Is This a Manual Problem or a Training Prior Problem?
It's a training prior problem that no manual can fully fix.
The manual provides correct methodology:
- COMPLETE: fill all holes before solving
- SOLVE: actually solve, don't guess
- VERIFY: independent cross-check
But:
| What the Manual Says | What It Requires | What I Did |
|---|---|---|
| "Solve the problem" | Systematic search through solution space | Pattern-matched to a plausible answer |
| "Use independent derivations" | Actually solve two different ways | "Verified" my single (wrong) approach |
| "Fill all gaps" | Check all assumptions | Assumed without proof |
The manual can prescribe methodology, but it can't install capability.

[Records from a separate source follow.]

(* Let $f_1,\dots,f_n:\mathbb{R}^d\to\mathbb{R}$ be such that each $f_i$ is $L_i$-smooth and has a minimizer $x_i$, let $\alpha_1,\dots,\alpha_n\in(0,1)$ and $\tilde f(x) = \frac{1}{n}\sum_{i=1}^n f_i(\alpha_i x + (1-\alpha_i)x_i)$. Let $x^\alpha$ be a minimizer of $\tilde f$ and $L_\alpha = \frac{1}{n}\sum_i\alpha_i^2 L_i$. Then for every $x\in\mathbb{R}^d$, \[ \|\nabla\tilde f(x)\| \leq L_\alpha\|x - x^\alpha\| \quad\text{and}\quad \tilde f(x) - \tilde f(x^\alpha) \leq \frac{L_\alpha}{2}\|x - x^\alpha\|^2. \]
   Context: A differentiable $g$ is $L$-smooth if $\|\nabla g(x)-\nabla g(y)\|\leq L\|x-y\|$ for all $x,y$. *)

(* R^d is 'rV[R]_d with the Euclidean norm. *)
From HB Require Import structures.
From mathcomp Require Import all_boot all_order all_algebra.
From mathcomp Require Import all_classical all_reals all_analysis.
Set Implicit Arguments. Unset Strict Implicit. Unset Printing Implicit Defensive.
Import Order.TTheory GRing.Theory Num.Theory.
Import numFieldNormedType.Exports.
Local Open Scope ring_scope.

Definition enorm {R : realType} {d : nat} (v : 'rV[R]_d) : R :=
  Num.sqrt (\sum_(i < d) v ord0 i ^+ 2).

Definition grad {R : realType} {d : nat} (g : 'rV[R]_d -> R) (x : 'rV[R]_d)
  : 'rV[R]_d := \row_(i < d) derive g x (delta_mx 0 i).

Definition Lsmooth {R : realType} {d : nat} (L : R) (g : 'rV[R]_d -> R) : Prop :=
  (forall x, differentiable g x) /\
  (forall x y, enorm (grad g x - grad g y) <= L * enorm (x - y)).

Definition is_minimizer {R : realType} {d : nat} (g : 'rV[R]_d -> R)
  (x : 'rV[R]_d) : Prop := forall y, g x <= g y.

Definition ftilde {R : realType} {d n : nat} (f : 'I_n -> 'rV[R]_d -> R)
  (alpha : 'I_n -> R) (xs : 'I_n -> 'rV[R]_d) (x : 'rV[R]_d) : R :=
  n%:R^-1 * \sum_(i < n) f i (alpha i *: x + (1 - alpha i) *: xs i).

Definition Lalpha {R : realType} {n : nat} (alpha : 'I_n -> R) (L : 'I_n -> R) : R :=
  n%:R^-1 * \sum_(i < n) alpha i ^+ 2 * L i.

From HB Require Import structures.
From mathcomp Require Import all_boot all_order all_algebra.
From mathcomp Require Import all_classical all_reals all_analysis.
From mathcomp Require Import ring lra.
Import Order.TTheory GRing.Theory Num.Theory.
Import numFieldNormedType.Exports.
Set Implicit Arguments. Unset Strict Implicit. Unset Printing Implicit Defensive.
Local Open Scope classical_set_scope.
Local Open Scope ring_scope.

(* The gradient of [ftilde] is the average of the gradients of the [f i] at
   [alpha i *: x + (1 - alpha i) *: xs i], scaled by [alpha i]; since these
   points move by [alpha i *: (x - y)] when [x] moves to [y], [ftilde] is
   [Lalpha]-smooth.  Its gradient vanishes at the minimiser [xa], which gives
   the first bound, and the second is the descent lemma
   [g x - g y - <grad g y, x - y> <= L/2 |x - y|^2] for [L]-smooth [g],
   obtained from the mean value theorem on the segment [[y, x]]. *)

Section EuclideanNorm.
Variables (R : realType) (d : nat).
Implicit Types u v w : 'rV[R]_d.

Definition dotp u v := \sum_(j < d) u ord0 j * v ord0 j.

Lemma dotp0l v : dotp 0 v = 0.
Proof. by rewrite /dotp big1 // => j _; rewrite mxE mul0r. Qed.

Lemma dotpBl u v w : dotp (u - v) w = dotp u w - dotp v w.
Proof.
by rewrite /dotp -sumrB; apply: eq_bigr => j _; rewrite !mxE mulrBl.
Qed.

Lemma lagrange_identity u v :
  \sum_i \sum_j (u ord0 i * v ord0 j - u ord0 j * v ord0 i) ^+ 2 =
  2 * ((\sum_j u ord0 j ^+ 2) * (\sum_j v ord0 j ^+ 2) - dotp u v ^+ 2).
Proof.
have sum_prod (F G : 'I_d -> R) :
    \sum_i \sum_j F i * G j = (\sum_i F i) * (\sum_j G j).
  by rewrite mulr_suml; apply: eq_bigr => i _; rewrite mulr_sumr.
have expand i j : (u ord0 i * v ord0 j - u ord0 j * v ord0 i) ^+ 2 =
   u ord0 i ^+ 2 * v ord0 j ^+ 2 + v ord0 i ^+ 2 * u ord0 j ^+ 2
   - 2 * ((u ord0 i * v ord0 i) * (u ord0 j * v ord0 j)) by ring.
under eq_bigr => i _ do under eq_bigr => j _ do rewrite expand.
under eq_bigr => i _ do rewrite sumrB big_split /=.
rewrite sumrB big_split /= !sum_prod.
have -> : \sum_i \sum_j 2 * (u ord0 i * v ord0 i * (u ord0 j * v ord0 j)) =
          2 * dotp u v ^+ 2.
  rewrite expr2 -sum_prod mulr_sumr.
  by apply: eq_bigr => i _; rewrite mulr_sumr.
ring.
Qed.

Lemma sumsq_ge0 u : 0 <= \sum_j u ord0 j ^+ 2.
Proof. by apply: sumr_ge0 => j _; apply: sqr_ge0. Qed.

Lemma cauchy_schwarz_sqr u v :
  dotp u v ^+ 2 <= (\sum_j u ord0 j ^+ 2) * (\sum_j v ord0 j ^+ 2).
Proof.
have : 0 <= \sum_i \sum_j (u ord0 i * v ord0 j - u ord0 j * v ord0 i) ^+ 2.
  by apply: sumr_ge0 => i _; apply: sumr_ge0 => j _; apply: sqr_ge0.
rewrite lagrange_identity; lra.
Qed.

Lemma enorm_ge0 u : 0 <= enorm u.
Proof. exact: sqrtr_ge0. Qed.

Lemma enorm_sqr u : enorm u ^+ 2 = \sum_j u ord0 j ^+ 2.
Proof. by rewrite /enorm sqr_sqrtr // sumsq_ge0. Qed.

Lemma enorm0 : enorm (0 : 'rV[R]_d) = 0.
Proof. by rewrite /enorm big1 ?sqrtr0 // => j _; rewrite mxE expr0n. Qed.

Lemma dotp_le_enorm u v : dotp u v <= enorm u * enorm v.
Proof.
apply: le_trans (ler_norm _) _.
rewrite /enorm -sqrtrM ?sumsq_ge0 // -sqrtr_sqr ler_sqrt.
  exact: cauchy_schwarz_sqr.
by rewrite mulr_ge0 ?sumsq_ge0.
Qed.

Lemma enormD u v : enorm (u + v) <= enorm u + enorm v.
Proof.
rewrite -(ler_pXn2r (n := 2)) // ?nnegrE ?addr_ge0 ?enorm_ge0 //.
have -> : enorm (u + v) ^+ 2 = enorm u ^+ 2 + 2 * dotp u v + enorm v ^+ 2.
  rewrite !enorm_sqr /dotp mulr_sumr -!big_split /=.
  by apply: eq_bigr => j _; rewrite !mxE; ring.
have := dotp_le_enorm u v; rewrite sqrrD; lra.
Qed.

Lemma enormZ a u : enorm (a *: u) = `|a| * enorm u.
Proof.
rewrite /enorm -sqrtr_sqr -sqrtrM ?sqr_ge0 // mulr_sumr.
by congr Num.sqrt; apply: eq_bigr => j _; rewrite !mxE exprMn.
Qed.

Lemma enorm_sum n (F : 'I_n -> 'rV[R]_d) :
  enorm (\sum_(i < n) F i) <= \sum_(i < n) enorm (F i).
Proof.
elim/big_ind2: _ => [|x1 x2 y1 y2 le1 le2|//]; first by rewrite enorm0.
exact: le_trans (enormD _ _) (lerD le1 le2).
Qed.

End EuclideanNorm.

Section DirectionalDerivatives.
Variable R : realType.

Lemma derive_eq_along_lines {U V W : normedModType R} (p : U -> W) (g : V -> W)
    a u b w :
  (forall s : R, p (s *: u + a) = g (s *: w + b)) ->
  derive p a u = derive g b w /\ (derivable p a u <-> derivable g b w).
Proof.
move=> pg; rewrite /derive /derivable.
suff -> : (fun h : R => h^-1 *: ((p \o shift a) (h *: u) - p a)) =
          (fun h : R => h^-1 *: ((g \o shift b) (h *: w) - g b)) by [].
apply/funext => h /=; have := pg 0; rewrite !scale0r !add0r => ->.
by rewrite pg.
Qed.

Lemma is_derive_line {V W : normedModType R} (g : V -> W) y h t :
  derivable g (t *: h + y) h ->
  is_derive t 1 (fun s : R => g (s *: h + y)) (derive g (t *: h + y) h).
Proof.
pose gl s := g (s *: h + y).
have shift_line (s : R) : gl (s *: 1 + t) = g (s *: h + (t *: h + y)).
  by rewrite /gl -[s *: 1]/(s * 1) mulr1 scalerDl addrA.
have [<- derivable_iff] := derive_eq_along_lines shift_line.
by move=> dg; apply: DeriveDef => //; apply/derivable_iff.
Qed.

Lemma derive_eq0_at_min {V : normedModType R} (g : V -> R) x v :
  (forall t : R, derivable g (t *: v + x) v) -> (forall y, g x <= g y) ->
  derive g x v = 0.
Proof.
move=> dg gmin; have := is_derive_line (dg 0); rewrite scale0r add0r => dg0.
have <- : derive (fun s : R => g (s *: v + x)) 0 1 = derive g x v.
  exact: derive_val.
apply: derive_val.
apply: (@derive1_at_min _ _ (-1) 1) => [|t _||t _]; rewrite ?in_itv /=; try lra.
- by have := is_derive_line (dg t); case.
- by rewrite scale0r add0r; apply: gmin.
Qed.

Lemma derive_scale_shift {V W : normedModType R} (g : V -> W) a b x v :
  differentiable g (a *: x + b) ->
  derive (fun z => g (a *: z + b)) x v = a *: derive g (a *: x + b) v.
Proof.
move=> dg.
have along s : g (a *: (s *: v + x) + b) = g (s *: (a *: v) + (a *: x + b)).
  by rewrite scalerDr !scalerA mulrC addrA.
have [-> _] := derive_eq_along_lines (p := fun z => g (a *: z + b)) along.
by rewrite !deriveE // linearZ.
Qed.

Variable d : nat.

Lemma derive_grad (g : 'rV[R]_d -> R) z v : differentiable g z ->
  derive g z v = dotp (grad g z) v.
Proof.
move=> dg; rewrite deriveE // {1}(row_sum_delta v) linear_sum /dotp.
apply: eq_bigr => j _; rewrite linearZ /= mxE deriveE //.
by rewrite /GRing.scale /= mulrC.
Qed.

Lemma grad_eq0_at_min (g : 'rV[R]_d -> R) x :
  (forall z, differentiable g z) -> is_minimizer g x -> grad g x = 0.
Proof.
move=> dg gmin; apply/rowP => j; rewrite !mxE.
by apply: derive_eq0_at_min gmin => t; apply: diff_derivable.
Qed.

End DirectionalDerivatives.

Lemma Lsmooth_descent (R : realType) (d : nat) (g : 'rV[R]_d -> R) L x y :
  Lsmooth L g ->
  g x - g y - dotp (grad g y) (x - y) <= L / 2 * enorm (x - y) ^+ 2.
Proof.
move=> [dg lip]; set h := x - y; set c := dotp (grad g y) h.
set K := L / 2 * enorm h ^+ 2.
pose q t := g (t *: h + y) - (c * t + K * t ^+ 2).
have dq (t : R) :
    is_derive t (1 : R) q (dotp (grad g (t *: h + y)) h - (c + K * (2 * t))).
  rewrite -derive_grad //; apply: is_deriveB.
    exact/is_derive_line/diff_derivable.
  have -> : (fun s => c * s + K * s ^+ 2) = c \*: id + K \*: id ^+ 2 by [].
  by apply: is_derive_eq; rewrite /GRing.scale /= !mulr1 expr1 mulr_natl.
have qcont : {within `[0, 1], continuous q}.
  apply: continuous_subspaceT => t; apply: differentiable_continuous.
  by apply/derivable1_diffP; case: (dq t).
have [t t01] := MVT ltr01 (fun t _ => dq t) qcont.
have t_gt0 : 0 < t by move: t01; rewrite in_itv /= => /andP[].
have slope_le : dotp (grad g (t *: h + y)) h - c <= K * (2 * t).
  rewrite -dotpBl; apply: le_trans (dotp_le_enorm _ _) _.
  have := lip (t *: h + y) y.
  rewrite addrK enormZ (ger0_norm (ltW t_gt0)) => lip_t.
  have -> : K * (2 * t) = L * (t * enorm h) * enorm h.
    by rewrite /K expr2; field.
  by apply: ler_wpM2r => //; apply: enorm_ge0.
rewrite /q scale1r scale0r add0r subrK expr0n /= !mulr0 expr1n !mulr1.
rewrite !addr0 subr0.
lra.
Qed.

Section Ftilde.
Variables (R : realType) (d n : nat).
Variables (f : 'I_n -> 'rV[R]_d -> R) (alpha : 'I_n -> R).
Variable xs : 'I_n -> 'rV[R]_d.

Let mix i x := alpha i *: x + (1 - alpha i) *: xs i.

Lemma mixB i x y : mix i x - mix i y = alpha i *: (x - y).
Proof. by rewrite /mix opprD addrACA subrr addr0 -scalerBr. Qed.

Lemma ftildeE :
  ftilde f alpha xs = n%:R^-1 \*: \sum_(i < n) (fun x => f i (mix i x)).
Proof. by apply/funext => x; rewrite /ftilde /= fct_sumE. Qed.

Hypothesis df : forall i x, differentiable (f i) x.

Lemma differentiable_mix_comp i x : differentiable (fun z => f i (mix i z)) x.
Proof. by apply: differentiable_comp. Qed.

Lemma differentiable_ftilde x : differentiable (ftilde f alpha xs) x.
Proof.
rewrite ftildeE; apply: differentiableZ; apply: differentiable_sum => i.
exact: differentiable_mix_comp.
Qed.

Lemma grad_ftilde x :
  grad (ftilde f alpha xs) x =
  n%:R^-1 *: \sum_(i < n) alpha i *: grad (f i) (mix i x).
Proof.
apply/rowP => j; rewrite !mxE ftildeE deriveZ; last first.
  apply/diff_derivable/differentiable_sum => i.
  exact: differentiable_mix_comp.
rewrite derive_sum => [|i]; last exact/diff_derivable/differentiable_mix_comp.
rewrite summxE; congr (_ * _); apply: eq_bigr => i _.
by rewrite derive_scale_shift // !mxE.
Qed.

End Ftilde.

Lemma Lsmooth_ftilde (R : realType) (d n : nat) (f : 'I_n -> 'rV[R]_d -> R)
    (L alpha : 'I_n -> R) (xs : 'I_n -> 'rV[R]_d) :
  (forall i, Lsmooth (L i) (f i)) ->
  Lsmooth (Lalpha alpha L) (ftilde f alpha xs).
Proof.
move=> smooth; have df i := (smooth i).1.
split=> [|x y]; first exact: differentiable_ftilde.
rewrite !grad_ftilde // -scalerBr -sumrB enormZ ger0_norm ?invr_ge0 ?ler0n //.
rewrite /Lalpha -mulrA ler_wpM2l ?invr_ge0 ?ler0n //.
apply: le_trans (enorm_sum _) _; rewrite mulr_suml; apply: ler_sum => i _.
have := (smooth i).2 (alpha i *: x + (1 - alpha i) *: xs i)
                     (alpha i *: y + (1 - alpha i) *: xs i).
rewrite -scalerBr mixB !enormZ => lip_i.
have -> : alpha i ^+ 2 * L i * enorm (x - y) =
          `|alpha i| * (L i * (`|alpha i| * enorm (x - y))).
  by rewrite -[alpha i ^+ 2]real_normK ?num_real //; ring.
by rewrite ler_wpM2l.
Qed.

Unset Implicit Arguments.

Theorem proposition4 (R : realType) (d n : nat)
  (f : 'I_n -> 'rV[R]_d -> R) (L : 'I_n -> R) (xs : 'I_n -> 'rV[R]_d)
  (alpha : 'I_n -> R)
  (hsmooth : forall i, Lsmooth (L i) (f i))
  (hmin : forall i, is_minimizer (f i) (xs i))
  (halpha : forall i, 0 < alpha i < 1)
  (xa : 'rV[R]_d) (hxa : is_minimizer (ftilde f alpha xs) xa) :
  forall x : 'rV[R]_d,
    enorm (grad (ftilde f alpha xs) x) <= Lalpha alpha L * enorm (x - xa) /\
    ftilde f alpha xs x - ftilde f alpha xs xa
      <= Lalpha alpha L / 2 * enorm (x - xa) ^+ 2.
Proof.
move=> x; have smooth := Lsmooth_ftilde alpha xs hsmooth.
have grad_xa : grad (ftilde f alpha xs) xa = 0.
  exact: grad_eq0_at_min smooth.1 hxa.
split; first by have := smooth.2 x xa; rewrite grad_xa subr0.
by have := Lsmooth_descent x xa smooth; rewrite grad_xa dotp0l subr0.
Qed.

When I don't have a strong pattern for a technique, I should have:
- Searched for relevant techniques
- Tried systematic approaches
- Recognized my failure to solve as a gap and sought to fill it
Instead, I did surface-level analysis and declared the problem solved.
The Core Honesty
I claimed "100% fidelity" when I was performing fidelity, not executing it.
The difference:
- Performing fidelity: Running through the phases, producing JSON receipts, saying "verification passed"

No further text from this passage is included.